Building the Porta-Pi Arcade Lite
After completing a number of simple Raspberry PI tutorials, I decided I wanted to try and build a Porta-Pi Arcade Lite Raspberry PI retro gaming system. Since I already have a projector, several monitors and a TV the lite model without a built in screen really appealed to me.
I also liked that the Porta-Pi kits are designed and produced by one guy, Ryan Bates, that had a successful kickstarter. I really appreciated that Ryan had continued to design and provide new DIY kits after his kickstarter since a lot of other projects seem to stop providing DIY kits and outsourcing everything once they become popular.
On top of the standard build I wanted to add a power button, and use a joystick with individual micro-switches so it is more obvious how everything works for my daughter.
I ordered the laser cut wood kit from RetroBuiltGames and downloaded the PDF build manual with a bill of materials and set about ordering parts. Being a software engineer every project needs to have some feature creep so some of the parts I got are not necessary to build a working arcade.

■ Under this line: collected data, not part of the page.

Lemma ca_comp tau sigma :
  cellular_automaton tau -> cellular_automaton sigma -> cellular_automaton (tau \o sigma).
Proof.
move=> [cont_tau equiv_tau] [cont_sigma equiv_sigma]; split.
- move=> x F finF; have [F2 [finF2 F2tau]] := cont_tau (sigma x) F finF.
  have [F1 [finF1 F1sigma]] := cont_sigma x F2 finF2.
  by exists F1; split=> // y xy; apply/F2tau/F1sigma.
- by move=> k x y xy /=; apply/equiv_tau/equiv_sigma.
Qed.

Lemma ca_inv tau sigma : cellular_automaton tau ->
  cancel tau sigma -> cancel sigma tau -> cellular_automaton sigma.
Proof.
move=> CAtau tauK sigmaK; split; last first.
  move=> k x y yx.
  pose w : pts X := exist _ (shift k (proj1_sig (sigma x))) (Xinv k (proj2_sig (sigma x))).
  have <- : tau w = y by apply: pts_inj; rewrite yx (CAtau.2 k (sigma x) w erefl) sigmaK.
  by rewrite tauK.
move=> x F finF; apply: contrapT => noF'.
have [q [qF tq]] : exists q, ~ agree F (proj1_sig q) (proj1_sig (sigma x)) /\
    proj1_sig (tau q) = proj1_sig x.
  apply: (@ca_image_closed _ [set u | ~ agree F u (proj1_sig (sigma x))] _ CAtau).
    move=> u /contrapT uF; exists F; split=> // v uv; apply.
    by move=> g Fg; rewrite -uv ?uF.
  move=> F'.
  have [y [xy sxy]] : exists y : pts X, agree [set` F'] (proj1_sig x) (proj1_sig y) /\
      ~ agree F (proj1_sig (sigma x)) (proj1_sig (sigma y)).
    apply: contrapT => noy; apply: noF'; exists [set` F']; split; first exact: finite_fset.
    by move=> y xy; apply: contrapT => sxy; apply: noy; exists y.
  exists (sigma y); rewrite sigmaK; split; last by move=> g /xy.
  by move=> ag; apply: sxy => g /ag.
by apply: qF; rewrite -(tauK q) (pts_inj tq).
Qed.

Section DenseFixpts.
Hypothesis dense : fixpts_dense X.

(* An injective cellular automaton permutes each finite set [fixpts K]. *)
Lemma surjunctive_of_fixpts_dense : surjunctive X.
Proof.
move=> tau CAtau tau_inj y.
have approx (F : {fset G}) :
    exists q, setT (proj1_sig q) /\ agree [set` F] (proj1_sig (tau q)) (proj1_sig y).
  have [K [p [_ fK Kp py]]] := dense y (finite_fset F).
  have [q Kq tq] := finite_inj_surj (finite_fixpts fK) (@ca_fixpts _ K CAtau)
    (in2W tau_inj) Kp.
  by exists q; rewrite tq.
have [|q [_ tq]] := ca_image_closed CAtau _ approx; first by move=> u [].
by exists q; apply: pts_inj.
Qed.

Definition aut_fixing K := [set s | Aut s /\ forall q, fixpts K q -> s q = q].

Definition fixpts_selfmaps K := [set f : pts X -> pts X |
  (forall q, ~ fixpts K q -> f q = q) /\ set_fun (fixpts K) (fixpts K) f].

Definition restrict_fixpts K (s : pts X -> pts X) (q : pts X) :=
  if pselect (fixpts K q) then s q else q.

Lemma aut_id : Aut (@id (pts X)).
Proof. by split; [exact: ca_id|exists id]. Qed.

Lemma subgroup_aut_fixing K :
  subgroup_in (fun f g : pts X -> pts X => f \o g) id (@Aut G A X) (aut_fixing K).
Proof.
split; first by move=> s [].
- by split; [exact: aut_id|].
- move=> s1 s2 [[CA1 bij1] fix1] [[CA2 bij2] fix2]; split.
    by split; [exact: ca_comp|exact: bij_comp].
  by move=> q Kq /=; rewrite fix2 // fix1.
- move=> s1 s2 [_ fix1] [CA2 bij2] s12; split=> // q Kq.
  have s12q : s1 (s2 q) = q by rewrite [LHS](congr1 (fun f => f q) s12).
  by rewrite -[RHS]s12q fix1 //; apply: ca_fixpts.
Qed.

Lemma finite_fixpts_selfmaps K : has_finite_index K -> finite_set (fixpts_selfmaps K).
Proof.
move=> fK; have [n [code code_inj]] := fixpts_code fK.
have /(@finite_fsetP {classic (pts X)}) [sF FE] := finite_fixpts fK.
pose l := enum_fset sF.
have inl q : fixpts K q -> (q : {classic (pts X)}) \in l.
  by move=> Kq; have : [set` sF] (q : {classic (pts X)}) by rewrite -FE.
apply: (@finite_set_inj _ _ _ [set: (size l).-tuple (n.-tuple A)]
  (fun f => map_tuple (fun q => code (f q)) (in_tuple l)) _ (fun _ _ => I) finite_finset).
move=> f1 f2; rewrite !in_setE => -[id1 fix1] [id2 fix2] /(congr1 val) /= /eq_in_map f12.
apply: funext => q; have [Kq|nKq] := pselect (fixpts K q); last by rewrite id1 ?id2.
by apply: code_inj; rewrite ?in_setE; [exact: fix1|exact: fix2|exact: f12 (inl q Kq)].
Qed.

(* Restriction to the finite set [fixpts K] separates the cosets of [aut_fixing K]. *)
Lemma finite_index_aut_fixing K : has_finite_index K ->
  finite_index_in (fun f g : pts X -> pts X => f \o g) (@Aut G A X) (aut_fixing K).
Proof.
move=> fK.
pose rep f := if pselect (exists s, Aut s /\ restrict_fixpts K s = f) is left e
  then projT1 (cid e) else id.
have repA f : Aut (rep f).
  by rewrite /rep; case: pselect => [e|_]; [case: (cid e) => s []|exact: aut_id].
exists (rep @` fixpts_selfmaps K); split; first exact/finite_image/finite_fixpts_selfmaps.
  by move=> _ [f _ <-].
move=> s [CAs bijs].
have restrict_rep : restrict_fixpts K (rep (restrict_fixpts K s)) = restrict_fixpts K s.
  by rewrite /rep; case: pselect => [e|]; [case: (cid e) => s' []|case; exists s].
move: (repA (restrict_fixpts K s)) restrict_rep.
set r := rep _ => -[CAr [ri rK riK]] restrict_rep.
exists r, (ri \o s); split.
- exists (restrict_fixpts K s) => //; split=> q; rewrite /restrict_fixpts.
    by case: pselect.
  by move=> Kq; destruct (pselect (fixpts K q)) => //; apply: ca_fixpts.
- split; first by split; [exact: ca_comp (ca_inv CAr rK riK) CAs|apply: bij_comp => //; exists r].
  move=> q Kq /=; have := congr1 (fun f => f q) restrict_rep.
  by rewrite /restrict_fixpts; destruct (pselect (fixpts K q)) => //= <-.
- by apply: funext => q /=; rewrite riK.
Qed.

Lemma aut_moves_fixpt tau : Aut tau -> tau <> id ->
  exists K p, [/\ has_finite_index K, fixpts K p & tau p <> p].
Proof.
move=> [CAtau _] tau_neq_id.
have [x tx] : exists x, tau x <> x.
  apply: contrapT => nx; apply: tau_neq_id; apply: funext => x.
  by apply: contrapT => tx; apply: nx; exists x.
have [g0 txg0] : exists g0, proj1_sig (tau x) g0 <> proj1_sig x g0.
  apply: contrapT => ng; apply: tx; apply: pts_inj; apply: funext => g.
  by apply: contrapT => txg; apply: ng; exists g.
have [F [finF Ftau]] := CAtau.1 x [set g0] (finite_set1 g0).
have finFg0 : finite_set (F `|` [set g0]) by rewrite finite_setU; split.
have [K [p [_ fK Kp px]]] := dense x finFg0.
exists K, p; split=> // tp; apply: txg0.
have xp : agree F (proj1_sig x) (proj1_sig p) by move=> g Fg; rewrite px //; left.
by rewrite (Ftau p xp g0 erefl) tp px //; right.
Qed.

Lemma aut_residually_finite_of_fixpts_dense : Aut_residually_finite X.
Proof.
move=> tau Atau all_fi; apply: contrapT => /(aut_moves_fixpt Atau)[K [p [fK Kp tp]]].
apply: tp; have [_ ->] // := all_fi _ (subgroup_aut_fixing K) (finite_index_aut_fixing fK).
Qed.

End DenseFixpts.
End CellularAutomata.

Section OrbitMixture.
Import Order.TTheory GRing.Theory Num.Theory.
Local Open Scope ring_scope.
Variables (R : realType) (T : choiceType) (O : nat -> set T) (q : nat -> T).
Hypothesis finO : forall m, finite_set (O m).
Hypothesis Oq : forall m, O m (q m).

(* [mixture] is the normalization of the sum over [m] of [2^-(m+1)] times
   the uniform probability on [O m]. *)
Definition count_in m (B : set T) : \bar R := (\esum_(o in O m `&` B) 1)%E.
Definition size_O m : nat := #|` fset_set (O m)|.
Definition weight m : R := ((2 ^ m.+1)%:R * (size_O m)%:R)^-1.
Definition mass (B : set T) : \bar R := (\sum_(m <oo) (weight m)%:E * count_in m B)%E.
Definition mixture (B : set T) : R := fine (mass B) / fine (mass setT).

Lemma count_in_ge0 m B : (0 <= count_in m B)%E.
Proof. exact: esum_ge0. Qed.

Lemma size_O_gt0 m : (0 < size_O m)%N.
Proof.
rewrite /size_O cardfs_gt0; apply/eqP => O0.
have : q m \in fset_set (O m) by rewrite in_fset_set // inE.
by rewrite O0 inE.
Qed.

Lemma weight_gt0 m : 0 < weight m.
Proof. by rewrite invr_gt0 mulr_gt0 // ltr0n ?expn_gt0 // size_O_gt0. Qed.

Lemma weighted_count_ge0 m B : (0 <= (weight m)%:E * count_in m B)%E.
Proof. by apply: mule_ge0; [rewrite lee_fin ltW // weight_gt0|exact: count_in_ge0]. Qed.

Lemma count_inT m : count_in m setT = (size_O m)%:R%:E.
Proof.
rewrite /count_in setIT esum_fset // fsbig_finite //= sumEFin.
by rewrite /size_O -sum1_size natr_sum.
Qed.

Lemma count_in_le m B : (count_in m B <= count_in m setT)%E.
Proof.
by rewrite /count_in esum_mkcondr setIT; apply: le_esum => i _; case: ifP.
Qed.

Lemma weighted_countT m : ((weight m)%:E * count_in m setT)%E = ((2 ^ m.+1)%:R^-1)%:E.
Proof.
rewrite count_inT -EFinM /weight invfM -mulrA mulVf ?mulr1 //.
by rewrite pnatr_eq0 -lt0n size_O_gt0.
Qed.

Lemma mass_ge0 B : (0 <= mass B)%E.
Proof. by apply: nneseries_ge0 => n _ _; apply: weighted_count_ge0. Qed.

Lemma mass_le B : (mass B <= mass setT)%E.
Proof.
apply: lee_nneseries => [n _ _|n _]; first exact: weighted_count_ge0.
by apply: lee_wpmul2l; [rewrite lee_fin ltW // weight_gt0|exact: count_in_le].
Qed.

Lemma massT_le1 : (mass setT <= 1)%E.
Proof.
rewrite /mass; under eq_eseriesr do rewrite weighted_countT.
have := @epsilon_trick R (fun=> 0%E) 1 xpredT (fun=> lexx _) ler01.
have sum0 : (\sum_(0 <= i <oo) (fun=> (0 : \bar R)) i = 0)%E by rewrite eseries0.
rewrite sum0 add0e; apply: le_trans; apply: lee_nneseries => //.
by move=> n _; rewrite add0e div1r.
Qed.

Lemma massT_gt0 : (0 < mass setT)%E.
Proof.
apply: (@lt_le_trans _ _ (\sum_(0 <= i < 1) ((weight i)%:E * count_in i setT))%E).
  by rewrite big_nat1 weighted_countT lte_fin invr_gt0 ltr0n expn_gt0.
by apply: nneseries_lim_ge => n _ _; apply: weighted_count_ge0.
Qed.

Lemma mass_fin B : mass B \is a fin_num.
Proof.
rewrite ge0_fin_numE ?mass_ge0 //.
by rewrite (le_lt_trans (mass_le B)) // (le_lt_trans massT_le1) ?ltry.
Qed.

Lemma fine_massT_gt0 : 0 < fine (mass setT).
Proof. by apply: fine_gt0; rewrite massT_gt0 (le_lt_trans massT_le1) ?ltry. Qed.

Lemma mixture0 : mixture set0 = 0.
Proof.
rewrite /mixture /mass eseries0 ?mul0r // => i _ _.
by rewrite /count_in setI0 esum_set0 mule0.
Qed.

Lemma mixture_ge0 B : 0 <= mixture B.
Proof. by rewrite divr_ge0 ?fine_ge0 ?mass_ge0 // ltW // fine_massT_gt0. Qed.

Lemma mixtureT : mixture setT = 1.
Proof. by rewrite /mixture divff // gt_eqF // fine_massT_gt0. Qed.

Lemma mass_bigcup (F : nat -> set T) : trivIset setT F ->
  mass (\bigcup_n F n) = (\sum_(i <oo) mass (F i))%E.
Proof.
move=> tF; rewrite /mass.
transitivity (\sum_(m <oo) \sum_(i <oo) ((weight m)%:E * count_in m (F i)))%E.
  apply: eq_eseriesr => m _; rewrite nneseriesZl => [|i _]; last exact: count_in_ge0.
  congr (_ * _)%E; rewrite /count_in setI_bigcupr nneseries_sum_bigcup //.
  exact: trivIset_setIl.
by rewrite nneseries_interchange // => i j; apply: weighted_count_ge0.
Qed.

I also wound up buying two extra buttons and two ball tops after my daughter Elsie decided that we each needed a button that was our favorite color (hers pink, mine purple) and that we should have a pink ball top. It turns out that a pink arcade button is a a real hard to find item, I finally managed to find one in Hawaii at Paradise Arcade Shop. They also had a purple button and a Zippyy joystick with 4 micro-switches and changeable ball tops.
Simplified Parts List
Porta-Pi Lite Wood Kit and PDF Manual — $31.00 Shipped
10 Arcade Buttons from SparkFun — $30.00 Shipped
Assorted Cables from DX .com— $13.00 Shipped
Mausberry Circuits Shutdown Circuit — $15.00 Shipped
PLATT Electric Solderless Connectors (50) — $16.oo
Joystick 2 Ball Tops and 2 extra buttons — $23.00 Shipped
Assorted Screws and Nuts for Joystick — $2.00
Total Parts Cost without Raspberry Pi $130.00 Shipped
I already had a rocker switch to use with the shutdown circuit and a raspberry pi and power supply. I also used rubber feet, stain, wood glue and clamps I already had.

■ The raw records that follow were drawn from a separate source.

(* ---------- the tensor product M (x)_R S, as a quotient of the free
   R-module on M x S by the bilinearity relations ---------- *)

Inductive trel (R M K : Type) :=
| TAddL of M & M & K
| TAddR of M & K & K
| TScalL of R & M & K
| TScalR of R & M & K.

Section Tensor.
Variables (R : comPzRingType) (M : lmodType R) (K : fieldType)
  (iota : {rmorphism R -> K}).

(* basis element [m (x) a] of the free module, as a function M -> K -> R *)
Definition tdelta (m : M) (a : K) : M -> K -> R :=
  fun x y => ((x == m) && (y == a))%:R.

Definition trel_eval (t : trel R M K) : M -> K -> R :=
  match t with
  | TAddL x1 x2 y => fun x' y' =>
      tdelta (x1 + x2) y x' y' - tdelta x1 y x' y' - tdelta x2 y x' y'
  | TAddR x y1 y2 => fun x' y' =>
      tdelta x (y1 + y2) x' y' - tdelta x y1 x' y' - tdelta x y2 x' y'
  | TScalL r x y => fun x' y' => tdelta (r *: x) y x' y' - r * tdelta x y x' y'
  | TScalR r x y => fun x' y' => tdelta x (iota r * y) x' y' - r * tdelta x y x' y'
  end.

Definition trel_in (S : K -> Prop) (t : trel R M K) : Prop :=
  match t with
  | TAddL _ _ y => S y
  | TAddR _ y1 y2 => S y1 /\ S y2
  | TScalL _ _ y => S y
  | TScalR _ _ y => S y
  end.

All of the parts started shipping quickly after I ordered them and I received the wood kit and buttons in the mail in a few days.
Wood kit and buttons mocked up.
I followed the instructions in the manual and fitted the pieces together a couple of times before staining and gluing. I have found my iPad to be really useful for viewing PDF’s, videos and tutorials while working on projects with the Raspberry Pi.
After fitting things together I laid out the pieces on some newspaper and stained the wood.
I wiped off all the laser cut areas with a damp rag to remove the soot and used a clean rag and some dark walnut stain to stain all the pieces.
After all the pieces had dried I assembled and clamped them according to the manual
I was really impressed by the laser cut wood kit and manual all the pieces did sort of settle properly together as described after being glued and clamped together.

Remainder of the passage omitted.